#### EXERCISE REQUIREMENTS:
Where the records below reach the line containing "rewrite (@pairing_ext _", start transcribing, and end with the line containing "by rewrite (eigmu_last", exactly and with nothing else added.

***

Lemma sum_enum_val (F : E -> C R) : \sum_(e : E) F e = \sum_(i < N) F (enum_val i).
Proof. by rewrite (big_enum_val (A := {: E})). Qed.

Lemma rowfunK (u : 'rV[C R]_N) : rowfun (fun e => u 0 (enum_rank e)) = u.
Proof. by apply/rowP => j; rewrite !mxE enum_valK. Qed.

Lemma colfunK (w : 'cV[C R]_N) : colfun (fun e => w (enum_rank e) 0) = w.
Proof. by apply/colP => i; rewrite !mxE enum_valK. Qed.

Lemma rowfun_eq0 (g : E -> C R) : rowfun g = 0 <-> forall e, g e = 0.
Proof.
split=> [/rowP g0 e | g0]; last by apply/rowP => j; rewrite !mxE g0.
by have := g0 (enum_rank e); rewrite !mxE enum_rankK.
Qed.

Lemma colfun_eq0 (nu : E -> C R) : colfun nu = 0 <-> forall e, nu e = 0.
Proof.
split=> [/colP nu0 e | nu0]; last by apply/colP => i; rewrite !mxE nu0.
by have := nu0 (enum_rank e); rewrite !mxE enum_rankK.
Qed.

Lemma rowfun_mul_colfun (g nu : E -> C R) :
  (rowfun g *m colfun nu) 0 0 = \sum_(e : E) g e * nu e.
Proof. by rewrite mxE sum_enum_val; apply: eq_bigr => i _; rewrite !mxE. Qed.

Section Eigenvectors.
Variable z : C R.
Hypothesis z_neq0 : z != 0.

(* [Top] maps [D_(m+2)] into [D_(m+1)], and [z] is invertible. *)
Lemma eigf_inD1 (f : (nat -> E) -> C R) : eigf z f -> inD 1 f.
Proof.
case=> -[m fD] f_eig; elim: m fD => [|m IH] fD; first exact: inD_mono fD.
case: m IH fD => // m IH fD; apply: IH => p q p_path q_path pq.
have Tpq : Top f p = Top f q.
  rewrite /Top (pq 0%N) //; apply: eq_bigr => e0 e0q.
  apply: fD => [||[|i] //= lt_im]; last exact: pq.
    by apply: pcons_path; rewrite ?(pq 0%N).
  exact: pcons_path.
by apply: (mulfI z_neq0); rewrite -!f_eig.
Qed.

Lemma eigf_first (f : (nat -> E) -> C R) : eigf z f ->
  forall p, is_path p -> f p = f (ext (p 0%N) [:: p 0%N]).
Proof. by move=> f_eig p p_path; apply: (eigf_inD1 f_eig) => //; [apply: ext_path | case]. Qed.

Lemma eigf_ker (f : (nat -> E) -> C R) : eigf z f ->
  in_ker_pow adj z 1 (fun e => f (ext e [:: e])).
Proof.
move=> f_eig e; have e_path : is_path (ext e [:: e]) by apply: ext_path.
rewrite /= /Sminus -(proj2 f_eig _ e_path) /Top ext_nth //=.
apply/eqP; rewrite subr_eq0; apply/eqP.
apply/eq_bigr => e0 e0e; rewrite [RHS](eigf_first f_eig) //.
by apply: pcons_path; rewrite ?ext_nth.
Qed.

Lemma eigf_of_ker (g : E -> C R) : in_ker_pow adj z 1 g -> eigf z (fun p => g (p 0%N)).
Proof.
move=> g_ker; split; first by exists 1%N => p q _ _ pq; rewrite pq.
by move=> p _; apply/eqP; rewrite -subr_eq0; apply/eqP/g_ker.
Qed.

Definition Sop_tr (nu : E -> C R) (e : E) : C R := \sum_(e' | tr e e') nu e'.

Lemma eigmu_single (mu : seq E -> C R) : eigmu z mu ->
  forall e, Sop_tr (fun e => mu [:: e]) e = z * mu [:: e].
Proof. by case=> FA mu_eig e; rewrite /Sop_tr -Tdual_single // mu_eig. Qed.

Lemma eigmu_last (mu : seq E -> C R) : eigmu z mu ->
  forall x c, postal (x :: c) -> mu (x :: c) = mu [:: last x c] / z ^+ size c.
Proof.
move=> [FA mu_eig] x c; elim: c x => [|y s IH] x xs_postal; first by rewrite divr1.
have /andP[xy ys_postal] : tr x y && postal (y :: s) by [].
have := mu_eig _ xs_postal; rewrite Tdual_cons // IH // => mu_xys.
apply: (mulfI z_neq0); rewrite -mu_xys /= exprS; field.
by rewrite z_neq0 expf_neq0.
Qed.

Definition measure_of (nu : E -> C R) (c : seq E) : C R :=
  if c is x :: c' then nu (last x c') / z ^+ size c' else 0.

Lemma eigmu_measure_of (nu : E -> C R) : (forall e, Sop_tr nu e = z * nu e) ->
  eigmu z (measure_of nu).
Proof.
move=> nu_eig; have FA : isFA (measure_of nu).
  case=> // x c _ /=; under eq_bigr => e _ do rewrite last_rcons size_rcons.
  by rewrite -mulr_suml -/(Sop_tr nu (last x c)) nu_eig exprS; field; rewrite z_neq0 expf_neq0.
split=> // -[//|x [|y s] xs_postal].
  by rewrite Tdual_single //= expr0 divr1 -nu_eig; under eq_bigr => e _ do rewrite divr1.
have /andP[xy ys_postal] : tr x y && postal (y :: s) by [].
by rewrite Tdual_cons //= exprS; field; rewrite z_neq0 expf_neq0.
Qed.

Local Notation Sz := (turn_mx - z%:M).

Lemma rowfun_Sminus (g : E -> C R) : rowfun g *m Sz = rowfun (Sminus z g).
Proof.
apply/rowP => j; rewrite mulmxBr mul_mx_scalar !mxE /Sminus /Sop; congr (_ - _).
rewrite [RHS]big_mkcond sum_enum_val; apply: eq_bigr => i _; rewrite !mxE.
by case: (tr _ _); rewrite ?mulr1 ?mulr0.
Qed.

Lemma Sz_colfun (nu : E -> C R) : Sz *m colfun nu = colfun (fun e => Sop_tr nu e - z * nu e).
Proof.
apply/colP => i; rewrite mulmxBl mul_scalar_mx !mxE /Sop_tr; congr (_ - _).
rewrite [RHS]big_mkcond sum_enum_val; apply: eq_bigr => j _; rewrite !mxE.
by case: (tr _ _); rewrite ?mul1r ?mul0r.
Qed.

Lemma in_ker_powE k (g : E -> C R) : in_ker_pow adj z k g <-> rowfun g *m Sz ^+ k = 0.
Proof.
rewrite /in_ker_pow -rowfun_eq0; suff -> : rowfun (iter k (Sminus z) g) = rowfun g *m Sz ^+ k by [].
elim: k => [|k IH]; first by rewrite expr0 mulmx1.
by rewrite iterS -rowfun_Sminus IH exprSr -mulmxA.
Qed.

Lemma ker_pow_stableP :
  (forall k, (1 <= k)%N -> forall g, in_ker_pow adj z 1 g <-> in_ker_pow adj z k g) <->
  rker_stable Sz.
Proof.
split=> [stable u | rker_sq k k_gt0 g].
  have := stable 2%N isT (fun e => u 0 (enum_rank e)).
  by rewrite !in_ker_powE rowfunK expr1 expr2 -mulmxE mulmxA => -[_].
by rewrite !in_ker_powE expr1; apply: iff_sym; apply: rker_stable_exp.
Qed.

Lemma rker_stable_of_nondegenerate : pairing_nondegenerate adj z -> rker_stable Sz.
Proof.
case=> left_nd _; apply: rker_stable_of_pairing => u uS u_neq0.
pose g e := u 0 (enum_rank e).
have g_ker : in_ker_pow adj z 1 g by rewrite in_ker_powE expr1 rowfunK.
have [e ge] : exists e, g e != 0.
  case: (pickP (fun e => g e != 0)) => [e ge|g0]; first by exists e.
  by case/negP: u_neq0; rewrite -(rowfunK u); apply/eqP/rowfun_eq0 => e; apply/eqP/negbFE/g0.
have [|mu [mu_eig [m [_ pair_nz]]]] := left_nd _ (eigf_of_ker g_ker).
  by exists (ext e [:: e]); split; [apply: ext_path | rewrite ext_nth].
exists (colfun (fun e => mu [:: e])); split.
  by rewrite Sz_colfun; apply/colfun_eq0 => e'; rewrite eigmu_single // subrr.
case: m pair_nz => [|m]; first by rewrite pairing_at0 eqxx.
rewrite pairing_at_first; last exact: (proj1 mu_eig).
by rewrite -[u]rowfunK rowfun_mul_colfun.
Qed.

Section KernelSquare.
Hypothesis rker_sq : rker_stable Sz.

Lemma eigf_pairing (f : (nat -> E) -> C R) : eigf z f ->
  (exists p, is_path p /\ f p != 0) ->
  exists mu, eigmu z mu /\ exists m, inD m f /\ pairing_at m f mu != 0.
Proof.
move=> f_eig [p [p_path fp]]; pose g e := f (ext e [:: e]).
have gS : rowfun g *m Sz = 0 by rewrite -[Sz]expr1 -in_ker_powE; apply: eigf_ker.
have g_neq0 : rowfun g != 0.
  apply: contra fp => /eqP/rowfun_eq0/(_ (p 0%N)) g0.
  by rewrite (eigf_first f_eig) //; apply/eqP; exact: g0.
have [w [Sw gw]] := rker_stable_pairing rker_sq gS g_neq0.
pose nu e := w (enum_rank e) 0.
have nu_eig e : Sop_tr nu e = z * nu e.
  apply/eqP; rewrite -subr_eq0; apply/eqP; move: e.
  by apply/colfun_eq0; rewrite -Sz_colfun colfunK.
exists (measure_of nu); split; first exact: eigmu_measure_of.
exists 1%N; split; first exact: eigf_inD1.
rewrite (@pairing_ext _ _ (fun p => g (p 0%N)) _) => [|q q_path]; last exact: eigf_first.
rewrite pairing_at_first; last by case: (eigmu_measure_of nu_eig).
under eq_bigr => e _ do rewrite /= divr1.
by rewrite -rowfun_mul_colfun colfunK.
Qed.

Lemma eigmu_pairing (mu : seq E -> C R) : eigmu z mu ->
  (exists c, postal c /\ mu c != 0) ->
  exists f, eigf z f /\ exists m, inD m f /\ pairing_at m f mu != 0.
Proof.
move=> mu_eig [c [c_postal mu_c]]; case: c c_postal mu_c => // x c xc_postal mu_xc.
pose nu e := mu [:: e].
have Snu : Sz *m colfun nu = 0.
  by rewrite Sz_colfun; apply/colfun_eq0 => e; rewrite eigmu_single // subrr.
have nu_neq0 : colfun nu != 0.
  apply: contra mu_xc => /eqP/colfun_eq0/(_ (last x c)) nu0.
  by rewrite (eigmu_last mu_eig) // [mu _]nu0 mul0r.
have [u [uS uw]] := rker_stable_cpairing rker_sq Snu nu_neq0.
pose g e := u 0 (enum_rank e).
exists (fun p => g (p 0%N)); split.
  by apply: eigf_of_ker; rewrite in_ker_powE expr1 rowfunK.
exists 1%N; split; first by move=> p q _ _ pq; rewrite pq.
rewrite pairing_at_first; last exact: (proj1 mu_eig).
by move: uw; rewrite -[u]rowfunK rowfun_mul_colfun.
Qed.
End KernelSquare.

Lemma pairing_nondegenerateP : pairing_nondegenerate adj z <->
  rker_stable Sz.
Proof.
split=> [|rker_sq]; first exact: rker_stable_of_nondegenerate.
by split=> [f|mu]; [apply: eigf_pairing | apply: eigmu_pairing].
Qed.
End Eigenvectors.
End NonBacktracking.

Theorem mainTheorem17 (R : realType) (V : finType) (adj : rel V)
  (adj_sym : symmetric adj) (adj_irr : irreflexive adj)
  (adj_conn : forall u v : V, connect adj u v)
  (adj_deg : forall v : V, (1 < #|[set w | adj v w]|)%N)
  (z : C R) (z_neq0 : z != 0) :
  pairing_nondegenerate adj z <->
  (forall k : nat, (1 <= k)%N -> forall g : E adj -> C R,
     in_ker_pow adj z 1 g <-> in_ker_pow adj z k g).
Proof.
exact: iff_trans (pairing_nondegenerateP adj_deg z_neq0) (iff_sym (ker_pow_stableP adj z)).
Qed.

***

#### SOLUTION BELOW:
rewrite (@pairing_ext _ _ (fun p => g (p 0%N)) _) => [|q q_path]; last exact: eigf_first.
rewrite pairing_at_first; last by case: (eigmu_measure_of nu_eig).
under eq_bigr => e _ do rewrite /= divr1.
by rewrite -rowfun_mul_colfun colfunK.
Qed.

Lemma eigmu_pairing (mu : seq E -> C R) : eigmu z mu ->
  (exists c, postal c /\ mu c != 0) ->
  exists f, eigf z f /\ exists m, inD m f /\ pairing_at m f mu != 0.
Proof.
move=> mu_eig [c [c_postal mu_c]]; case: c c_postal mu_c => // x c xc_postal mu_xc.
pose nu e := mu [:: e].
have Snu : Sz *m colfun nu = 0.
  by rewrite Sz_colfun; apply/colfun_eq0 => e; rewrite eigmu_single // subrr.
have nu_neq0 : colfun nu != 0.
  apply: contra mu_xc => /eqP/colfun_eq0/(_ (last x c)) nu0.
  by rewrite (eigmu_last mu_eig) // [mu _]nu0 mul0r.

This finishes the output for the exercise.